Draco had told him about the Room of Requirement. Harry had thought of it - to be honest - as an area that generated infinite amounts of required things, out of the extradimensional energy of non-Euclidian superspace, a line of inquiry that was deemed too mugglehearted by Draco who, nevertheless, hadn’t offered any satisfactory truer explanation.

But it seemed to Harry, now, that there was in some sense no need to explain further, the Room of Requirement was only the end product of this strange process where magic pushed, and so the universe softened, and some places softened more than others. The longer magic sat in one place, the more of it would accumulate, the softer that place would become, and eventually nothing at all would resist what you wanted to do, if you simply wanted to do it hard enough… and then there would be a Room of Requirement.

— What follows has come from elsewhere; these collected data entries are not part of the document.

(* Every generalized conical $\mathcal{G}$-coding $(g_0,\mathbf e)$ codes exactly one point of $\partial(\Gamma,\mathcal{P})$, and this point is a conical limit point.
   Context: Setup. $\Gamma$ is a finitely generated group hyperbolic relative to a finite nonempty collection $\mathcal{P}$ of infinite subgroups, with $(\Gamma,\mathcal{P})$ non-elementary, and $\mathcal{S}$ a finite symmetric generating set with $P\cap\mathcal{S}$ generating $P$ for each $P\in\mathcal{P}$. $X$ is the Groves–Manning cusped space (the Cayley graph with combinatorial horoballs glued along the cosets $gP$), a locally finite graph with unit edges, metric $d_X$, $\delta$-hyperbolic for a fixed integer $\delta\ge1$; $|g|_X=d_X(\mathrm{id},g)$. Its Gromov boundary is the Bowditch boundary $\partial(\Gamma,\mathcal{P})$, with a fixed metric $d_\partial$ (balls $B_r$, neighborhoods $N_r$, closed neighborhoods $\overline N_r$, $\operatorname{diam}$ w.r.t. $d_\partial$). $\Pi$ is the finite set of points fixed by groups in $\mathcal{P}$, $\Gamma_p$ the group fixing $p\in\Pi$; translates $gp$ are parabolic points, and all other boundary points are conical limit points. $D>0$ is such that any distinct $x,y$ have some $g\in\Gamma$ with $d_\partial(gx,gy)>D$; for $p\in\Pi$, $K_p\subset\partial(\Gamma,\mathcal{P})\setminus\{p\}$ is compact with $\Gamma_pK_p=\partial(\Gamma,\mathcal{P})\setminus\{p\}$, and $D_\Pi>0$ satisfies $D_\Pi<\operatorname{diam}K_p$, $D_\Pi<d_\partial(K_p,p)$ for all $p$. Automaton. Fix $0<\varepsilon<\min(D/5,D_\Pi/5)$, a finite set $Z\subset\partial(\Gamma,\mathcal{P})$, and for each $z\in Z$ open sets $V(z),W(z),\hat V(z),\hat W(z)$ and a set $L(z)\subset\Gamma$ such that: if $z$ is conical, $L(z)=\{\alpha_z\}$, $\hat V(z)=\alpha_z^{-1}V(z)$, $\hat W(z)=\alpha_z^{-1}W(z)$; if $z=gp$ is parabolic ($p\in\Pi$), then $L(z)=g\Gamma_p\setminus F_z$ for a finite set $F_z$, $\hat V(z)\subset\hat W(z)\subset\partial(\Gamma,\mathcal{P})\setminus\{p\}$ and $p\notin\overline N_\varepsilon(\hat W(z))$; the sets $V(z)$, $z\in Z$, cover $\partial(\Gamma,\mathcal{P})$; and for all $z\in Z$: (C1) $\operatorname{diam}W(z)<\varepsilon$; (C2) $\operatorname{diam}\hat W(z)>4\varepsilon$; (C3) $\overline N_{2\varepsilon}(\hat V(z))\subset\hat W(z)$; (C4) $W(z)=\{z\}\cup\bigcup_{\alpha\in L(z)}\alpha\hat W(z)$; (C5) $V(z)=\{z\}\cup\bigcup_{\alpha\in L(z)}\alpha\hat V(z)$ and $\overline{V(z)}\subset W(z)$; (C6) for all $y,z\in Z$, $\overline{\hat V(z)}\cap\overline{V(y)}=\emptyset$ iff $\hat V(z)\cap V(y)=\emptyset$. The automaton $\mathcal{G}$ is the directed graph with vertex set $Z$ where, for $y,z\in Z$, there is no edge from $z$ to $y$ if $\hat V(z)\cap V(y)=\emptyset$, and otherwise there is exactly one edge from $z$ to $y$ labeled $\alpha$ for each $\alpha\in L(z)$. For an edge $e$, $\iota(e),\tau(e),\mathrm{Lab}(e)$ denote its initial vertex, terminal vertex and label. Codings. A strict conical coding is an infinite edge path $\mathbf e=(e_k)_{k\ge1}$ in $\mathcal{G}$; writing $\alpha_k=\mathrm{Lab}(e_k)$, $z_k=\tau(e_k)$ ($k\ge1$), $z_0=\iota(e_1)$, it is a strict coding of $\zeta$ if $\zeta\in\bigcap_{k\ge0}\alpha_1\cdots\alpha_k\overline{W(z_k)}$. A generalized conical coding is a pair $(g_0,\mathbf e)$ with $g_0\in\Gamma$ and $\mathbf e$ a strict conical coding; if $\mathbf e$ codes $\xi$, then $(g_0,\mathbf e)$ codes $g_0\xi$. *)

From Stdlib Require Import Reals List Classical.
Open Scope R_scope.

Definition is_group {G : Type} (mul : G -> G -> G) (inv : G -> G) (e : G) : Prop :=
  (forall a b c, mul a (mul b c) = mul (mul a b) c) /\
  (forall a, mul e a = a) /\ (forall a, mul a e = a) /\
  (forall a, mul (inv a) a = e) /\ (forall a, mul a (inv a) = e).

Definition word_prod {G : Type} (mul : G -> G -> G) (e : G) (l : list G) : G :=
  fold_right mul e l.

Definition finite_set {T : Type} (H : T -> Prop) : Prop :=
  exists l : list T, forall x, H x -> In x l.

Definition is_metric {B : Type} (d : B -> B -> R) : Prop :=
  (forall x y, 0 <= d x y) /\ (forall x y, d x y = 0 <-> x = y) /\
  (forall x y, d x y = d y x) /\ (forall x y z, d x z <= d x y + d y z).

Definition seq_converges {B : Type} (d : B -> B -> R) (u : nat -> B) (x : B) : Prop :=
  forall eps, 0 < eps -> exists N, forall n, (N <= n)%nat -> d (u n) x < eps.

Definition strictly_incr (phi : nat -> nat) : Prop := forall n, (phi n < phi (S n))%nat.

(** (sequential) compactness, equivalent to compactness in a metric space *)
Definition m_compact_set {B : Type} (d : B -> B -> R) (K : B -> Prop) : Prop :=
  forall u : nat -> B, (forall n, K (u n)) ->
    exists phi, strictly_incr phi /\ exists x, K x /\ seq_converges d (fun n => u (phi n)) x.

Definition m_open_set {B : Type} (d : B -> B -> R) (A : B -> Prop) : Prop :=
  forall x, A x -> exists r, 0 < r /\ forall y, d x y < r -> A y.

Definition m_closure {B : Type} (d : B -> B -> R) (A : B -> Prop) : B -> Prop :=
  fun x => forall s, 0 < s -> exists a, A a /\ d x a < s.

(** closed [r]-neighbourhood  {x | d(x,A) <= r} *)
Definition closed_nbhd {B : Type} (d : B -> B -> R) (r : R) (A : B -> Prop) : B -> Prop :=
  fun x => forall s, r < s -> exists a, A a /\ d x a < s.

Definition diam_lt {B : Type} (d : B -> B -> R) (A : B -> Prop) (c : R) : Prop :=
  exists r, r < c /\ forall x y, A x -> A y -> d x y <= r.

Definition diam_gt {B : Type} (d : B -> B -> R) (A : B -> Prop) (c : R) : Prop :=
  exists x y, A x /\ A y /\ c < d x y.

Definition setdist_gt {B : Type} (d : B -> B -> R) (A : B -> Prop) (p : B) (c : R) : Prop :=
  exists r, c < r /\ forall a, A a -> r <= d a p.

Definition is_action {G B : Type} (mul : G -> G -> G) (e : G) (act : G -> B -> B) : Prop :=
  (forall x, act e x = x) /\ (forall g h x, act (mul g h) x = act g (act h x)).

Definition continuous_map {B : Type} (d : B -> B -> R) (f : B -> B) : Prop :=
  forall x eps, 0 < eps -> exists del, 0 < del /\ forall y, d x y < del -> d (f x) (f y) < eps.

Definition loc_unif_conv {G B : Type} (d : B -> B -> R) (act : G -> B -> B)
    (g : nat -> G) (a b : B) : Prop :=
  forall K, m_compact_set d K -> (forall x, K x -> x <> a) ->
    forall eps, 0 < eps -> exists N, forall n, (N <= n)%nat ->
      forall x, K x -> d (act (g n) x) b < eps.

Definition convergence_action {G B : Type} (d : B -> B -> R) (act : G -> B -> B) : Prop :=
  forall g : nat -> G, (forall m n, g m = g n -> m = n) ->
    exists phi, strictly_incr phi /\ exists a b,
      loc_unif_conv d act (fun n => g (phi n)) a b.

Definition conical_limit_point {G B : Type} (d : B -> B -> R) (act : G -> B -> B) (x : B) : Prop :=
  exists (g : nat -> G) (a b : B), a <> b /\
    seq_converges d (fun n => act (g n) x) a /\ loc_unif_conv d act g x b.

Definition stabilizer {G B : Type} (act : G -> B -> B) (p : B) : G -> Prop :=
  fun h => act h p = p.

Fixpoint gpow {G : Type} (mul : G -> G -> G) (e : G) (g : G) (n : nat) : G :=
  match n with O => e | S n => mul g (gpow mul e g n) end.

Definition loxodromic {G B : Type} (mul : G -> G -> G) (e : G) (act : G -> B -> B) (g : G) : Prop :=
  (forall n, (1 <= n)%nat -> gpow mul e g n <> e) /\
  exists a b, a <> b /\ act g a = a /\ act g b = b /\
    forall x, act g x = x -> x = a \/ x = b.

Definition parabolic_point {G B : Type} (mul : G -> G -> G) (e : G) (act : G -> B -> B) (p : B) : Prop :=
  ~ finite_set (stabilizer act p) /\
  forall h, stabilizer act p h -> ~ loxodromic mul e act h.

Definition bounded_parabolic {G B : Type} (d : B -> B -> R) (mul : G -> G -> G) (e : G)
    (act : G -> B -> B) (p : B) : Prop :=
  parabolic_point mul e act p /\
  exists K, m_compact_set d K /\ (forall x, K x -> x <> p) /\
    forall x, x <> p -> exists h k, stabilizer act p h /\ K k /\ x = act h k.

(** [(G, Ps)] is relatively hyperbolic with Bowditch boundary [(B, d, act)], in
    Bowditch's dynamical formulation: [act] is a geometrically finite convergence
    action by homeomorphisms on the compact metric space [B], and [Ps] is a list of
    representatives of the conjugacy classes of maximal parabolic subgroups, namely
    [nth i Ps] is the stabilizer of [nth i Pi], the points of [Pi] are bounded
    parabolic and lie in pairwise distinct orbits, and every bounded parabolic
    point lies in the orbit of a point of [Pi]. *)
Definition rel_hyp_boundary {G B : Type} (mul : G -> G -> G) (inv : G -> G) (e : G)
    (Ps : list (G -> Prop)) (B0 : B) (d : B -> B -> R) (act : G -> B -> B) (Pi : list B) : Prop :=
  is_metric d /\ m_compact_set d (fun _ => True) /\
  is_action mul e act /\ (forall g, continuous_map d (act g)) /\
  convergence_action d act /\
  (forall x, conical_limit_point d act x \/ bounded_parabolic d mul e act x) /\
  length Ps = length Pi /\
  (forall i, (i < length Pi)%nat ->
     forall h, nth i Ps (fun _ => False) h <-> stabilizer act (nth i Pi B0) h) /\
  (forall p, In p Pi -> bounded_parabolic d mul e act p) /\
  (forall i j g, (i < length Pi)%nat -> (j < length Pi)%nat ->
     act g (nth i Pi B0) = nth j Pi B0 -> i = j) /\
  (forall x, bounded_parabolic d mul e act x -> exists g p, In p Pi /\ x = act g p).

(** parabolic points in the sense of the paper: translates of points of Pi *)
Definition in_parabolic_orbit {G B : Type} (act : G -> B -> B) (Pi : list B) (x : B) : Prop :=
  exists g p, In p Pi /\ x = act g p.

Definition is_edge {G B : Type} (Z : list B) (Vh V : B -> B -> Prop) (L : B -> G -> Prop)
    (z : B) (a : G) (y : B) : Prop :=
  In z Z /\ In y Z /\ L z a /\ exists x, Vh z x /\ V y x.

(** an infinite edge path e_1 e_2 ... given by vertices [zs k] = z_k (k >= 0)
    and labels [als k] = alpha_{k+1}: e_{k+1} goes from z_k to z_{k+1} *)
Definition edge_path {G B : Type} (Z : list B) (Vh V : B -> B -> Prop) (L : B -> G -> Prop)
    (zs : nat -> B) (als : nat -> G) : Prop :=
  forall k, is_edge Z Vh V L (zs k) (als k) (zs (S k)).

Fixpoint label_prod {G : Type} (mul : G -> G -> G) (e : G) (als : nat -> G) (k : nat) : G :=
  match k with O => e | S k => mul (label_prod mul e als k) (als k) end.

Definition strict_codes {G B : Type} (mul : G -> G -> G) (e : G) (d : B -> B -> R)
    (act : G -> B -> B) (W : B -> B -> Prop) (zs : nat -> B) (als : nat -> G) (zeta : B) : Prop :=
  forall k, exists y, m_closure d (W (zs k)) y /\ zeta = act (label_prod mul e als k) y.

Definition gen_codes {G B : Type} (mul : G -> G -> G) (e : G) (d : B -> B -> R)
    (act : G -> B -> B) (W : B -> B -> Prop) (g0 : G) (zs : nat -> B) (als : nat -> G) (x : B) : Prop :=
  exists xi, strict_codes mul e d act W zs als xi /\ x = act g0 xi.

From Stdlib Require Import Reals List Classical Lra Lia ClassicalEpsilon.
Open Scope R_scope.

(* Write [prefix k] for the label product alpha_1 ... alpha_k.  The edge condition
   with (C1), (C3), (C5) puts the closure of W(z_(k+1)) inside Wh(z_k), so the sets
   prefix k (closure W(z_k)) decrease and, by compactness, meet.  By (C1) and (C2) the
   prefixes are pairwise distinct, so by the convergence property a subsequence of
   their inverses converges to some (a, b).  Pulled back by these inverses, a coded
   point and a point c chosen outside prefix n (W(z_n)) stay eps apart; this forces
   every coded point to be a and makes a conical.  Translating by g0 preserves
   conicality, and a parabolic point p is never conical: along a conical sequence g_n,
   the conjugates of the finitely many generators of Stab(p) are eventually constant
   (otherwise a conjugate of a generator would be loxodromic), so g_0^-1 g_n
   centralises Stab(p), hence lies in Stab(p), which makes g_n p and g_n y converge to
   the same point.  Only (C1)-(C5) and the dynamical part of relative hyperbolicity
   are used. *)

Lemma strictly_incr_ge phi : strictly_incr phi -> forall n, (n <= phi n)%nat.
Proof. intros Hphi n; induction n as [|n IH]; [lia|]. specialize (Hphi n); lia. Qed.

Lemma strictly_incr_lt phi : strictly_incr phi -> forall m n, (m < n)%nat -> (phi m < phi n)%nat.
Proof.
  intros Hphi m n Hmn; induction Hmn as [|n _ IH]; [apply Hphi|].
  specialize (Hphi n); lia.
Qed.

Lemma strictly_incr_comp phi psi :
  strictly_incr phi -> strictly_incr psi -> strictly_incr (fun n => phi (psi n)).
Proof. intros Hphi Hpsi n. apply strictly_incr_lt, Hpsi. exact Hphi. Qed.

“Come, Mr. Potter,” Professor Quirrell said, “that way.”

Professor Quirrell led the way, and Harry followed him deeper into the store.

There were shelves upon shelves, cases upon cases; stuffed things, framed things, moving things in glass orbs, patterned towels that conjured birds, cloaks that rippled and shimmered, books in which tiny voices cried out or whispered, masks that moved when you looked away, dolls that changed their expressions as you watched, branch candelabras that bent themselves to light their candles, lanterns that illuminated entire scenes, quills that wrote snatches of song at the touch of your hand.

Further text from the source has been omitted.